Cell culture. The rat IEC-18 intestinal epithelial crypt cell line (CR-1589; ATCC, Manassas, VA) was grown as previously described (57). The cells were passed every 3–4 days with 0.05% trypsin and 0.53 mM EDTA. Experiments were performed 48 h postpassage when cells were approaching confluence. Cells were treated with butyrate (5–20 mM), propionate (5 mM), or the histone deacetylase inhibitor trichostatin A (0.1 or 0.03 µg/ml). For inhibitor studies, cells were pretreated with the p38 MAP kinase inhibitor SB203580 (10 µM in DMSO) or the MEK1 inhibitor PD98059 (50 µM in DMSO) for 2 h before treatment with SCFA.

Cell viability experiments. IEC-18 cells were plated and allowed to grow for 48 h as described before being exposed to butyrate at 5–20 mM for 24–72 h. At the indicated time-points, cells were examined by phase-contrast microscopy and photographed. For cell viability assays, floating cells and adherent cells were collected from control plates at 0 and 24 h and from plates treated with 5 mM butyrate for 24 h. Viability was determined by Trypan blue dye exclusion.

Confocal indirect immunofluorescence. Cells were grown on 18 x 18-mm glass coverslips in 6-well cell culture plates. Cells were treated with 5 mM butyrate for 24 h. Prior to fixation, cells were washed in K-PIPES buffer (pH 6.5; 80 mM K-PIPES, 5 mM EDTA, and 2 mM MgCl2). Using a pH shift method to preserve the three-dimensional structure of the cells, we carried out fixation in 3.75% formaldehyde K-PIPES buffer for 5 min at 37°C followed by 3.75% formaldehyde in NaBO4 buffer (pH 11.0, 100 mM NaBO4) for 10 min at room temperature. Following washes in PBS, cells were permeabilized in PBS-0.1% Triton X-100 for 5 min at room temperature. Coverslips were blocked in 1.5% goat serum in PBS for 30 min at room temperature and incubated overnight at 4°C with rabbit polyclonal antibody to Hsp25 (Stressgen Biotechnology, Victoria, BC, Canada) diluted 1:100 with PBS-1.5% (vol/vol) goat serum. Following washes in PBS, coverslips were incubated for 1 h at room temperature with a Cy3-conjugated goat anti-rabbit secondary antibody (Jackson Immunoresearch, West Grove, PA) diluted 1:5,000 in PBS. After washing, coverslips were mounted on glass slides using 1,4-diazabicyclo[2.2.2]octane (DABCO, Sigma Aldrich) and sealed. Localization of Hsp25 was analyzed using an Olympus Fluoview 200 laser-scanning confocal microscope equipped with a 633-nm HeNe laser at x40 magnification. Images were compiled from a Z-series consisting of 8 µm total thickness.
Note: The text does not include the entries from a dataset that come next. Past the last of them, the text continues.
(* Let $K,T\subset\mathbb{R}^n$ be convex bodies with $T$ strictly convex and smooth. Let $q=(q_1,\dots,q_m)$ be a closed $(K,T)$-Minkowski billiard trajectory with closed dual billiard trajectory $p=(p_1,\dots,p_m)$ in $T$. Then $p$ is a closed polygonal curve (satisfying $p_j\neq p_{j+1}$ and $p_j\notin[p_{j-1},p_{j+1}]$ for all $j$) and is a closed $(T,-K)$-Minkowski billiard trajectory having $-q^{+1}:=(-q_2,\dots,-q_m,-q_1)$ as a closed dual billiard trajectory on $-K$.
   Context: A convex body is a compact convex set in $\mathbb{R}^n$ containing the origin in its interior; it is smooth if through each boundary point there is a unique supporting hyperplane. For a convex set $C$ and $z\in\partial C$, $N_C(z)=\{v:\langle v,y-z\rangle\le 0\ \forall y\in C\}$. A closed polygonal curve $(q_1,\dots,q_m)$, $m\ge2$, always satisfies $q_j\ne q_{j+1}$ and $q_j\notin[q_{j-1},q_{j+1}]$ (indices mod $m$). For convex bodies $A,B$, a closed polygonal curve $q$ with vertices on $\partial A$ is a closed $(A,B)$-Minkowski billiard trajectory if there are $p_1,\dots,p_m\in\partial B$ with $q_{j+1}-q_j\in N_B(p_j)$ and $p_{j+1}-p_j\in -N_A(q_{j+1})$ for all $j$; $p=(p_1,\dots,p_m)$ is called a closed dual billiard trajectory in $B$. *)

From HB Require Import structures.
From mathcomp Require Import all_boot all_order all_algebra.
From mathcomp Require Import all_classical all_reals all_analysis.
Set Implicit Arguments. Unset Strict Implicit. Unset Printing Implicit Defensive.
Import Order.TTheory GRing.Theory Num.Theory.
Import numFieldNormedType.Exports.
Local Open Scope classical_set_scope.
Local Open Scope ring_scope.

Section Defs.
Variables (R : realType) (n : nat).
Notation vec := 'rV[R]_n.

Definition dotv (u v : vec) : R := (u *m v^T) 0 0.

Definition convex_set (C : set vec) : Prop :=
  forall x y t, C x -> C y -> 0 <= t <= 1 -> C (t *: x + (1 - t) *: y).

Definition convex_body (C : set vec) : Prop :=
  [/\ compact C, convex_set C & (interior C) 0].

Definition bdry (C : set vec) : set vec := closure C `\` interior C.

Definition normal_cone (C : set vec) (z : vec) : set vec :=
  [set v | forall y, C y -> dotv v (y - z) <= 0].

Definition supporting_hyperplane (C : set vec) (z : vec) (H : set vec) : Prop :=
  exists2 v, (v != 0) /\ normal_cone C z v & H = [set x | dotv v x = dotv v z].

Definition smooth (C : set vec) : Prop :=
  forall z, bdry C z ->
    (exists H, supporting_hyperplane C z H) /\
    (forall H1 H2, supporting_hyperplane C z H1 -> supporting_hyperplane C z H2 -> H1 = H2).

Definition strictly_convex (C : set vec) : Prop :=
  forall x y t, C x -> C y -> x != y -> 0 < t < 1 ->
    (interior C) (t *: x + (1 - t) *: y).

Definition segment (a b : vec) : set vec :=
  [set x | exists2 t : R, 0 <= t <= 1 & x = (1 - t) *: a + t *: b].

Definition neg_set (C : set vec) : set vec := [set x | C (- x)].

(* closed polygonal curve (q_1,...,q_m), m >= 2, indices mod m
   (ordS / ord_pred are the cyclic successor / predecessor on 'I_m) *)
Definition closed_polygonal (m : nat) (q : 'I_m -> vec) : Prop :=
  (2 <= m)%N /\
  forall j : 'I_m, q j != q (ordS j) /\ ~ segment (q (ord_pred j)) (q (ordS j)) (q j).

Definition dual_billiard_traj (A B : set vec) (m : nat) (q p : 'I_m -> vec) : Prop :=
  forall j : 'I_m,
    [/\ bdry B (p j),
        normal_cone B (p j) (q (ordS j) - q j) &
        normal_cone A (q (ordS j)) (- (p (ordS j) - p j))].

Definition minkowski_billiard (A B : set vec) (m : nat) (q : 'I_m -> vec) : Prop :=
  [/\ closed_polygonal q,
      forall j, bdry A (q j) &
      exists p, dual_billiard_traj A B q p].

End Defs.

(** The key fact is that in a smooth body the normal cone at a boundary point
    is a single ray. Hence, if two consecutive dual points [p_j = p_(j+1)]
    coincided, the edges [q_(j+1) - q_j] and [q_(j+2) - q_(j+1)] would be
    positively proportional and [q_(j+1)] would lie on the segment
    [[q_j, q_(j+2)]], which a closed polygonal curve forbids. Strict convexity
    of [T] then excludes [p_j] from the open segment between its neighbours,
    since [p_j] is a boundary point. Finally the trajectory conditions for
    [(T, -K)] are the conditions for [(K, T)] read with the roles of [q] and
    [p] exchanged, after the reflection [x |-> -x]. *)
From HB Require Import structures.
From mathcomp Require Import all_boot all_order all_algebra.
From mathcomp Require Import all_classical all_reals all_analysis.
From mathcomp Require Import ring.
Set Implicit Arguments. Unset Strict Implicit. Unset Printing Implicit Defensive.
Import Order.TTheory GRing.Theory Num.Theory.
Import numFieldNormedType.Exports.
Local Open Scope classical_set_scope.
Local Open Scope ring_scope.

Section MinkowskiBilliardDuality.
Variables (R : realType) (n : nat).
Implicit Types (a b r u v w x y z : 'rV[R]_n) (C : set 'rV[R]_n).

Lemma dotvE u v : dotv u v = \sum_i u 0 i * v 0 i.
Proof. by rewrite /dotv mxE; apply: eq_bigr => i _; rewrite mxE. Qed.

Lemma dotvC u v : dotv u v = dotv v u.
Proof. by rewrite !dotvE; apply: eq_bigr => i _; rewrite mulrC. Qed.

Lemma dotvDr u v w : dotv u (v + w) = dotv u v + dotv u w.
Proof. by rewrite !dotvE -big_split; apply: eq_bigr => i _; rewrite mxE mulrDr. Qed.

Lemma dotvZr u k v : dotv u (k *: v) = k * dotv u v.
Proof. by rewrite !dotvE mulr_sumr; apply: eq_bigr => i _; rewrite mxE mulrCA. Qed.

Lemma dotvNr u v : dotv u (- v) = - dotv u v.
Proof. by rewrite -scaleN1r dotvZr mulN1r. Qed.

Lemma dotvBr u v w : dotv u (v - w) = dotv u v - dotv u w.
Proof. by rewrite dotvDr dotvNr. Qed.

Lemma dotvZl u k v : dotv (k *: v) u = k * dotv v u.
Proof. by rewrite dotvC dotvZr dotvC. Qed.

Lemma dotvNl u v : dotv (- v) u = - dotv v u.
Proof. by rewrite dotvC dotvNr dotvC. Qed.

Lemma dotvBl u v w : dotv (v - w) u = dotv v u - dotv w u.
Proof. by rewrite dotvC dotvBr !(dotvC u). Qed.

Lemma dotvv_eq0 u : dotv u u = 0 -> u = 0.
Proof.
rewrite dotvE => /eqP; rewrite psumr_eq0; last by move=> i _; rewrite -expr2 sqr_ge0.
move=> /allP u2_eq0; apply/rowP => i; rewrite mxE.
by have /implyP/(_ isT) := u2_eq0 i (mem_index_enum i); rewrite mulf_eq0 orbb => /eqP.
Qed.

Lemma interior0_scale C v : interior C 0 -> exists2 e : R, 0 < e & C (e *: v).
Proof.
move=> C0; have /(_ C) := @scalel_continuous R 'rV[R]_n v 0.
rewrite scale0r => /(_ C0) /nbhs_ballP [e e_gt0 ballC].
exists (e / 2); first by rewrite divr_gt0.
apply: ballC; rewrite /ball /= sub0r normrN gtr0_norm ?divr_gt0 //.
by rewrite ltr_pdivrMr // ltr_pMr // ltr1n.
Qed.

Lemma normal_coneZ C z k v :
  0 <= k -> normal_cone C z v -> normal_cone C z (k *: v).
Proof. by move=> k_ge0 Nv y Cy; rewrite dotvZl mulr_ge0_le0 ?Nv. Qed.

(* The component [u] of [w] orthogonal to [v] is parallel to the common
   hyperplane, hence orthogonal to [w] as well, so it vanishes. *)
Lemma hyperplane_eq_parallel z v w : v != 0 ->
  [set x | dotv v x = dotv v z] = [set x | dotv w x = dotv w z] ->
  w = (dotv v w / dotv v v) *: v.
Proof.
move=> v_neq0 hyp_eq; set u := dotv v v *: w - dotv v w *: v.
have vu : dotv v u = 0 by rewrite /u dotvBr !dotvZr (dotvC v w) mulrC subrr.
have wu : dotv w u = 0.
  have : [set x | dotv v x = dotv v z] (z + u) by rewrite /= dotvDr vu addr0.
  by rewrite hyp_eq /= dotvDr => /eqP; rewrite -subr_eq0 addrC addKr => /eqP.
have /eqP : u = 0 by apply: dotvv_eq0; rewrite {1}/u dotvBl !dotvZl vu wu !mulr0 subrr.
have vv_neq0 : dotv v v != 0 by apply: contra v_neq0 => /eqP /dotvv_eq0 ->.
by rewrite subr_eq0 => /eqP uE; rewrite mulrC -scalerA -uE scalerA mulVf ?scale1r.
Qed.

Lemma normal_cone_opp_eq0 C z v : interior C 0 ->
  normal_cone C z v -> normal_cone C z (- v) -> v = 0.
Proof.
move=> C0 Nv NNv.
have orth y : C y -> dotv v (y - z) = 0.
  by move=> Cy; apply/eqP; rewrite eq_le Nv //= -oppr_le0 -dotvNl NNv.
have /eqP := orth _ (nbhs_singleton C0).
rewrite sub0r dotvNr oppr_eq0 => /eqP vz.
have [e e_gt0 Cev] := interior0_scale v C0.
have /eqP := orth _ Cev; rewrite dotvBr vz subr0 dotvZr mulf_eq0 gt_eqF //=.
by move/eqP/dotvv_eq0.
Qed.

Lemma smooth_normal_cone_ray C z v w :
  smooth C -> interior C 0 -> bdry C z -> v != 0 -> w != 0 ->
  normal_cone C z v -> normal_cone C z w -> exists2 c : R, 0 < c & w = c *: v.
Proof.
move=> smoothC C0 Cz v_neq0 w_neq0 Nv Nw.
have [_ /(_ _ _ (ex_intro2 _ _ v (conj v_neq0 Nv) erefl)
    (ex_intro2 _ _ w (conj w_neq0 Nw) erefl)) hyp_eq] := smoothC z Cz.
move: (hyperplane_eq_parallel v_neq0 hyp_eq); set c := _ / _ => wE.
exists c => //.
have c_neq0 : c != 0 by apply: contra w_neq0 => /eqP c0; rewrite wE c0 scale0r.
rewrite lt_neqAle eq_sym c_neq0 /= leNgt; apply/negP => c_lt0.
apply/negP: v_neq0; rewrite negbK; apply/eqP/(normal_cone_opp_eq0 C0 Nv).
have -> : - v = (- c^-1) *: w by rewrite wE scalerA mulNr mulVf // scaleN1r.
by apply: normal_coneZ Nw; rewrite oppr_ge0 ltW // invr_lt0.
Qed.

Lemma closed_bdry_sub C x : closed C -> bdry C x -> C x.
Proof. by move=> clC [Cx _]; move: Cx; rewrite -(closure_id C).1. Qed.

Lemma neg_setK C : neg_set (neg_set C) = C.
Proof. by apply/funext => y; rewrite /neg_set /= opprK. Qed.

Lemma interior_neg_set C x : interior C x -> interior (neg_set C) (- x).
Proof.
move=> Cx; have /(_ C) := @oppr_continuous R 'rV[R]_n (- x).
by rewrite opprK => /(_ Cx).
Qed.

Lemma bdry_neg_set C x : closed C -> bdry C x -> bdry (neg_set C) (- x).
Proof.
move=> clC Cx; split.
  by apply: subset_closure; rewrite /neg_set /= opprK; apply: closed_bdry_sub Cx.
by case: Cx => _ Cx /interior_neg_set; rewrite neg_setK opprK.
Qed.

Lemma normal_cone_neg_set C z v :
  normal_cone C z v -> normal_cone (neg_set C) (- z) (- v).
Proof. by move=> Nv y Cy; rewrite opprK dotvNl -dotvNr opprD Nv. Qed.

Lemma segment_of_ray a b r (c : R) :
  0 < c -> r - b = c *: (b - a) -> segment a r b.
Proof.
move=> c_gt0 /eqP; rewrite subr_eq => /eqP ->.
have c1_gt0 : 0 < 1 + c by rewrite ltr_wpDr // ltW.
exists (1 + c)^-1; first by rewrite invr_ge0 ltW //= invf_le1 // lerDl ltW.
by apply/rowP => i; rewrite !mxE; field; rewrite gt_eqF.
Qed.

Lemma strictly_convex_segment_interior C a b x :
  strictly_convex C -> C a -> C b -> segment a b x -> x != a -> x != b ->
  interior C x.
Proof.
move=> convC Ca Cb [t /andP [t_ge0 t_le1] ->] xa xb.
have [ab|ab] := eqVneq a b.
  by move: xa; rewrite ab -scalerDl subrK scale1r eqxx.
have t_gt0 : 0 < t.
  by rewrite lt_neqAle t_ge0 andbT; apply: contraNneq xa => <-; rewrite subr0 scale0r addr0 scale1r.
have t_lt1 : t < 1.
  by rewrite lt_neqAle t_le1 andbT; apply: contraNneq xb => ->; rewrite subrr scale0r add0r scale1r.
by rewrite addrC; apply: convC => //; [rewrite eq_sym | apply/andP].
Qed.

Variables (K T : set 'rV[R]_n) (m : nat) (q p : 'I_m -> 'rV[R]_n).
Hypotheses (smoothT : smooth T) (T0 : interior T 0).
Hypotheses (q_poly : closed_polygonal q) (p_dual : dual_billiard_traj K T q p).

Lemma dual_traj_neq_next j : p j != p (ordS j).
Proof.
apply/negP => /eqP pj_eq; set k := ordS j.
have [Tpj Nj _] := p_dual j; have [_ Nk _] := p_dual k.
rewrite -/k -pj_eq in Nk.
have [_ q_simple] := q_poly; have [_ not_seg] := q_simple k.
have [||c c_gt0 edge] := smooth_normal_cone_ray smoothT T0 Tpj _ _ Nj Nk.
- by rewrite subr_eq0 eq_sym (q_simple j).1.
- by rewrite subr_eq0 eq_sym (q_simple k).1.
by apply: not_seg; rewrite /k ordSK; apply: segment_of_ray edge.
Qed.

Lemma dual_traj_polygonal : strictly_convex T -> closed T -> closed_polygonal p.
Proof.
move=> convT clT; split; first by case: q_poly.
move=> j; split; first exact: dual_traj_neq_next.
have Tbdry i : bdry T (p i) by case: (p_dual i).
move=> seg; case: (Tbdry j) => _; apply.
apply: (strictly_convex_segment_interior convT _ _ seg).
- exact: closed_bdry_sub.
- exact: closed_bdry_sub.
- by have := dual_traj_neq_next (ord_pred j); rewrite ord_predK eq_sym.
- exact: dual_traj_neq_next.
Qed.

End MinkowskiBilliardDuality.

Lemma dual_billiard_traj_swap (R : realType) (n : nat) (K T : set 'rV[R]_n)
  (m : nat) (q p : 'I_m -> 'rV[R]_n) :
  closed K -> (forall j, bdry K (q j)) -> dual_billiard_traj K T q p ->
  dual_billiard_traj T (neg_set K) p (fun j => - q (ordS j)).
Proof.
move=> clK Kq p_dual j; split.
- exact: bdry_neg_set clK (Kq (ordS j)).
- by have [_ _ /normal_cone_neg_set] := p_dual j; rewrite opprK.
- by have [_ Nq _] := p_dual (ordS j); rewrite opprK opprD opprK.
Qed.

Theorem proposition3p5 (R : realType) (n : nat) (K T : set 'rV[R]_n)
  (m : nat) (q p : 'I_m -> 'rV[R]_n) :
  convex_body K -> convex_body T -> strictly_convex T -> smooth T ->
  minkowski_billiard K T q -> dual_billiard_traj K T q p ->
  [/\ closed_polygonal p,
      minkowski_billiard T (neg_set K) p &
      dual_billiard_traj T (neg_set K) p (fun j => - q (ordS j))].
Proof.
move=> [cK _ _] [cT _ T0] convT smoothT [q_poly Kq _] p_dual.
have clK : closed K by apply: compact_closed cK; apply: norm_hausdorff.
have clT : closed T by apply: compact_closed cT; apply: norm_hausdorff.
have p_poly := dual_traj_polygonal smoothT T0 q_poly p_dual convT clT.
have swapped := dual_billiard_traj_swap clK Kq p_dual.
split=> //; split=> //; last by exists (fun j => - q (ordS j)).
by move=> j; case: (p_dual j).
Qed.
Immunoblotting. After various treatments, cells were rinsed twice with ice-cold PBS, scraped on ice, pelleted, snap-frozen, and stored at –70°C until use. Cell pellets were resuspended in lysis buffer containing 10 mM Tris (pH 7.3), 5 mM MgCl2, 1x complete protease inhibitor cocktail (Roche Biochemicals, Indianapolis, IN), 50 U/ml DNase I (GE Healthcare, Baie d'Urfe, Quebec, Canada), and 5 µl/ml RNase cocktail (Ambion, Austin, TX). Aliquots were taken for protein determination using the BCA method (BCA protein assay reagent kit, Sigma Aldrich). Lysates were added to 0.5 vol/vol of 3x Laemmli stop solution and heated to 95°C for 10 min. SDS-PAGE and protein transfer was carried out as previously described (57). Phospho-specific antibodies to p38 MAP kinase (Thr180/Tyr182) (Cell Signaling Technologies, Beverly, MA) were used according to the manufacturer's instructions. Blots were stripped using 200 mM glycine-0.05% Tween-20 (pH 2.5) for 1 h at 60°C and reblotted with antibody to detect total p38 MAP kinase. Anti-beta-actin (Sigma Aldrich) was used at 1:5,000, and anti-cytochrome c (Cell Signaling Technologies) was used at 1:1,000. Anti-MAPKAPK 2 and anti Hsp25 were purchased from Stressgen and used at a dilution of 1:1,000 and 1:5,000, respectively. All primary antibodies were diluted in TBS-0.05% Tween-20 (TBS-T) with 5% wt/vol low-fat milk, and membranes were incubated overnight at 4°C on a shaker platform. After washing in TBS-T, blots were incubated with donkey anti-rabbit IgG horseradish peroxidase (HRP)-linked secondary antibodies (Jackson Immunoresearch) at 1:10,000 in TBS-T. Blots were developed using the SuperSignal West Pico chemiluminescent system (Pierce Biotechnology, Rockford, IL) and detected using Kodak Biomax light film.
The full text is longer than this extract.